Czarcasm, the judge that issued the warrant presumably thought there is sufficient evidence of a crime, right? So, I say we should allow for the fact that some crime was committed by someone. I think the issue here is the over-broad warrant.
Yeah, I think the analogy would be more like Zeb and Yitzak had conspired to rob a bank using email through gmail.com, so the government subpoenas all of the email and login information that Gmail has, so they can sort through it to get Zeb and Yitzak’s conversations.
And to continue the analogy, Gmail has offered to give the government Zeb and Yitzak’s specific emails, but not their whole database.
They are saying that the section of the server devoted to hosting www.disruptJ20.org contains evidence related to violations of law. In other words, they’re not saying anyone is guilty; they’re saying a crime was committed and we have probable cause to believe we will find evidence of that crime at this site.
Would you be OK with a search warrant that asked Google to deliver all the content in Zeb’s and Yitzak’s Gmail accounts, and their Google drives, and any other storage they controlled or had access to? After all, what if the jpg drawing was simply stored on Google drive and then shared between them, but not mailed?
That’s not a relevant inquiry. The affidavit says that the government expects to find the fruits, evidence, or instrumentalities of the crime in the data stored by the user account that manages the website. The search warrant does not accuse any one of a crime. It says that the evidence of a crime will be probably be found on that server.
As I understand it, if the police search a home looking for a specific thing as listed on the warrant – let’s say Mr. Manafort’s business records – there are sharp limits on how any other items discovered – let’s say Trump’s pee-pee tapes – could be used.
So let’s say the authorities get all this data and are looking through it for evidence of those knuckleheads planning a riot. If they discover that Donald Trump posted his pee-pee tapes to the website, I would expect that the authorities would not be free to seize the tapes, because it doesn’t relate to the planning of the riot. Lawyer types, am I generally on the right track?

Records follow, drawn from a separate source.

(* For every integer $n\ge1$, the number of walks $0=y_0,y_1,\dots,y_n=1$ with $y_i-y_{i-1}\in\{-2,-1,+1,+2\}$ for all $i$ and $y_i\ge1$ for all $1\le i\le n$ (basketball walks of length $n$ from the origin to altitude $1$ never returning to the $x$-axis) equals $$\frac1n\sum_{k=1}^{n}(-1)^{k+1}\binom{2k-2}{k-1}\binom{2n}{n-k}=\frac1n\sum_{i=0}^{n}\binom ni\binom{n}{2n+1-3i}.$$
   Context: Binomial coefficients $\binom ab$ with $b<0$ or $b>a\ge0$ are $0$. *)

From HB Require Import structures.
From mathcomp Require Import all_boot all_order all_algebra.
Set Implicit Arguments. Unset Strict Implicit. Unset Printing Implicit Defensive.
Import Order.TTheory GRing.Theory Num.Theory.
Local Open Scope ring_scope.

Definition bstep (c : 'I_4) : int := [:: -2; -1; 1; 2]`_c.

(* A walk of length n is encoded by its sequence of steps s : 'I_n -> 'I_4;
   height s i = y_i = sum of the first i steps (y_0 = 0). *)
Definition height (n : nat) (s : {ffun 'I_n -> 'I_4}) (i : nat) : int :=
  \sum_(j < n | (j < i)%N) bstep (s j).

Definition bwalks_to1 (n : nat) : {set {ffun 'I_n -> 'I_4}} :=
  [set s | [forall i : 'I_n, 1 <= height s i.+1] && (height s n == 1)].

Definition binz (a : nat) (b : int) : nat :=
  match b with Posz m => 'C(a, m) | Negz _ => 0%N end.

(* Cycle lemma: among the n cyclic rotations of a step sequence of total
   displacement 1, exactly one has all its partial sums positive.  Hence n times
   the number of walks is the number of unconstrained walks of length n ending at
   1, i.e. the coefficient of x^(2n+1) in (1 + x + x^3 + x^4)^n, and expanding
   (1 + x^3)^n (1 + x)^n gives the second sum.  The first sum is the coefficient
   of x^(n-1) in (1 + x)^(2n) (1 + 4x)^(-1/2).  By creative telescoping both
   coefficient sequences satisfy the same third-order recurrence with polynomial
   coefficients: applied to either sequence, the recurrence is the coefficient of
   x^m in x Q' - m Q for an explicit polynomial Q, hence vanishes.  The two
   sequences agree for n = 1, 2, 3. *)

From HB Require Import structures.
From mathcomp Require Import all_boot all_order all_algebra.
From mathcomp Require Import ring zify.
Import Order.TTheory GRing.Theory Num.Theory.
Local Open Scope ring_scope.

Definition psum (w : nat -> int) (m : nat) : int := \sum_(0 <= j < m) w j.

Lemma psumS w m : psum w m.+1 = psum w m + w m.
Proof. by rewrite /psum big_nat_recr. Qed.

Definition positive_rotation (w : nat -> int) (n r : nat) : bool :=
  [forall i : 'I_n, psum w r < psum w (r + i.+1)].

Section CycleLemma.

Context {n : nat} {w : nat -> int}.
Hypotheses (w_periodic : forall m, w (m + n) = w m) (psum_n : psum w n = 1).

Lemma psum_addn m : psum w (m + n) = psum w m + psum w n.
Proof.
elim: m => [|m IHm]; first by rewrite add0n {2}/psum big_geq // add0r.
by rewrite addSn !psumS IHm w_periodic addrAC.
Qed.

Lemma positive_rotation_uniq (r r' : 'I_n) :
  positive_rotation w n r -> positive_rotation w n r' -> r = r'.
Proof.
wlog lt_rr' : r r' / (r < r')%N.
  move=> W pos_r pos_r'; case: (ltngtP r r') => [lt_rr'|lt_r'r|/val_inj //].
  - exact: W.
  - exact/esym/W.
move=> /forallP pos_r /forallP pos_r'.
have i1 : ((r' - r).-1 < n)%N by have := ltn_ord r'; lia.
have i2 : ((r + n - r').-1 < n)%N by have := ltn_ord r; lia.
have lt_r_r' : psum w r < psum w r'.
  by have := pos_r (Ordinal i1); rewrite /= prednK ?subn_gt0 // subnKC // ltnW.
have lt_r'_rn : psum w r' < psum w r + 1.
  have := pos_r' (Ordinal i2); rewrite /= prednK; last by have := ltn_ord r'; lia.
  by rewrite subnKC -?psum_n -?psum_addn //; have := ltn_ord r'; lia.
lia.
Qed.
Lemma zsub_zred_mul a d g : 3 <= m -> d < m -> g < m -> a <= 2 ->
  zsub m (zred m (a * d + g)) (zred m (a * d)) = g.
Proof. by case: a => [|[|[|a]]] // *; zlia. Qed.

Section Levels.
Variables a b : nat.
Hypotheses (odd_m : odd m) (m_ge3 : 3 <= m) (a_le2 : a <= 2) (b_le2 : b <= 2) (neq_ab : a != b).

Lemma zred_mul_add_neq d g : 0 < d < m -> g < m -> zred m (a * d + g) != zred m (b * d + g).
Proof.
move: a_le2 b_le2 neq_ab; case: a => [|[|[|?]]] //; case: b => [|[|[|?]]] // *; apply/eqP; zlia.
Qed.

Lemma zsolve_zsub d g : 0 < d < m -> g < m ->
  zsolve m a b (zsub m (zred m (b * d + g)) (zred m (a * d + g))) = d.
Proof.
move: a_le2 b_le2 neq_ab; case: a => [|[|[|?]]] //; case: b => [|[|[|?]]] // *;
  rewrite /zsolve; zlia.
Qed.

Lemma zsolveP D : 0 < D < m ->
  0 < zsolve m a b D < m /\ zred m (b * zsolve m a b D) = zred m (a * zsolve m a b D + D).
Proof.
move: a_le2 b_le2 neq_ab; case: a => [|[|[|?]]] //; case: b => [|[|[|?]]] // *;
  rewrite /zsolve; split; zlia.
Qed.

Lemma zsolve_translate g g' : g < m -> g' < m -> g != g' ->
  let d := zsolve m a b (zsub m g' g) in let g0 := zsub m g (zred m (a * d)) in
  [/\ 0 < d < m, zred m (a * d + g0) = g & zred m (b * d + g0) = g'].
Proof.
move=> lt_g lt_g' neq_gg' d g0.
have [lt_d Ed] := zsolveP (zsub_gt0 lt_g lt_g' neq_gg').
split=> //.
  by apply: zsubKC_zred => //; nia.
by apply: zsubKC_shift Ed => //; nia.
Qed.

End Levels.
End Residues.


Definition diff7 u v := (v + 7 - u) %% 7.

Lemma diff7_lt u v : diff7 u v < 7.
Proof. exact: ltn_pmod. Qed.

Lemma diff7_translate u v a : u < 7 -> v < 7 -> a < 7 ->
  diff7 ((u + a) %% 7) ((v + a) %% 7) = diff7 u v.
Proof. rewrite /diff7; lia. Qed.

Lemma diff7_addK u a : u < 7 -> a < 7 -> diff7 u ((u + a) %% 7) = a.
Proof. rewrite /diff7; lia. Qed.

Lemma add_diff7 u a : u < 7 -> a < 7 -> (u + diff7 u a) %% 7 = a.
Proof. rewrite /diff7; lia. Qed.

Lemma add_diff7_head u v a a' : u < 7 -> v < 7 -> a < 7 -> a' < 7 ->
  diff7 u v = diff7 a a' -> (v + diff7 u a) %% 7 = a'.
Proof. rewrite /diff7; lia. Qed.

Lemma add_diff7_tail u v a a' : u < 7 -> v < 7 -> a < 7 -> a' < 7 ->
  diff7 u v = diff7 a a' -> (u + diff7 v a') %% 7 = a.
Proof. rewrite /diff7; lia. Qed.

(** * Certificates *)

Definition level t := nth 0 [:: 0; 1; 0; 1; 0; 1; 2] t.

Lemma level_le2 t : level t <= 2.
Proof. by rewrite /level; case: t => [|[|[|[|[|[|[|[]]]]]]]]. Qed.

(* Vertex t of the regular base block k, at difference d and translated by (g, a), lies in
   group g + level t * d, side [base_h k t] and Z_7-coordinate [base_a k t] + a.  Vertex t
   of the special block s lies at infinity if [special_inf s t] (encoded as 1), and
   otherwise in group g + [special_level s t]; its side and coordinate are given likewise
   by [special_h] and [special_a].  The regular blocks [replaced1] and [replaced2] at
   difference 1 are dropped when x is even. *)
Record certificate := Certificate {
  base_h_table : seq (seq nat);
  base_a_table : seq (seq nat);
  special_inf_table : seq (seq nat);
  special_level_table : seq (seq nat);
  special_h_table : seq (seq nat);
  special_a_table : seq (seq nat);
  replaced1 : nat;
  replaced2 : nat }.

To me, that means that it seems reasonable that the government may not be wildly violating the Constitution with its search warrant. Especially if the basis of the warrant may have involved evidence like one of the arrested protesters saying, “Oh yeah, I was on this message board and I read about all these users talking about how hard they were going to riot, but I personally didn’t post in those threads, nor can I remember their user names, much less their real identities.” Seems to me like the police ought to be able to find out what was said in those online discussions, how many users posted to them, and have some means to identify the users.
That all being said, if there were ways to narrow down the scope of the warrant, I think that would be a good thing to do… but given the lack of details about the evidence being sought, I can’t conclusively say that the warrant is completely unreasonable as-is.
It appears from the search warrant itself that there is a two-step process, as mentioned above. Step one is that the company delivers all the data, lock stock and barrel. (See section I of Appendix B) Then any data delivered pursuant to section I that constitutes evidence regarding the rioting charge may be seized by the government. It doesn’t seem to say what happens to the data that is not seized, I would assume it is either returned or destroyed? Not sure.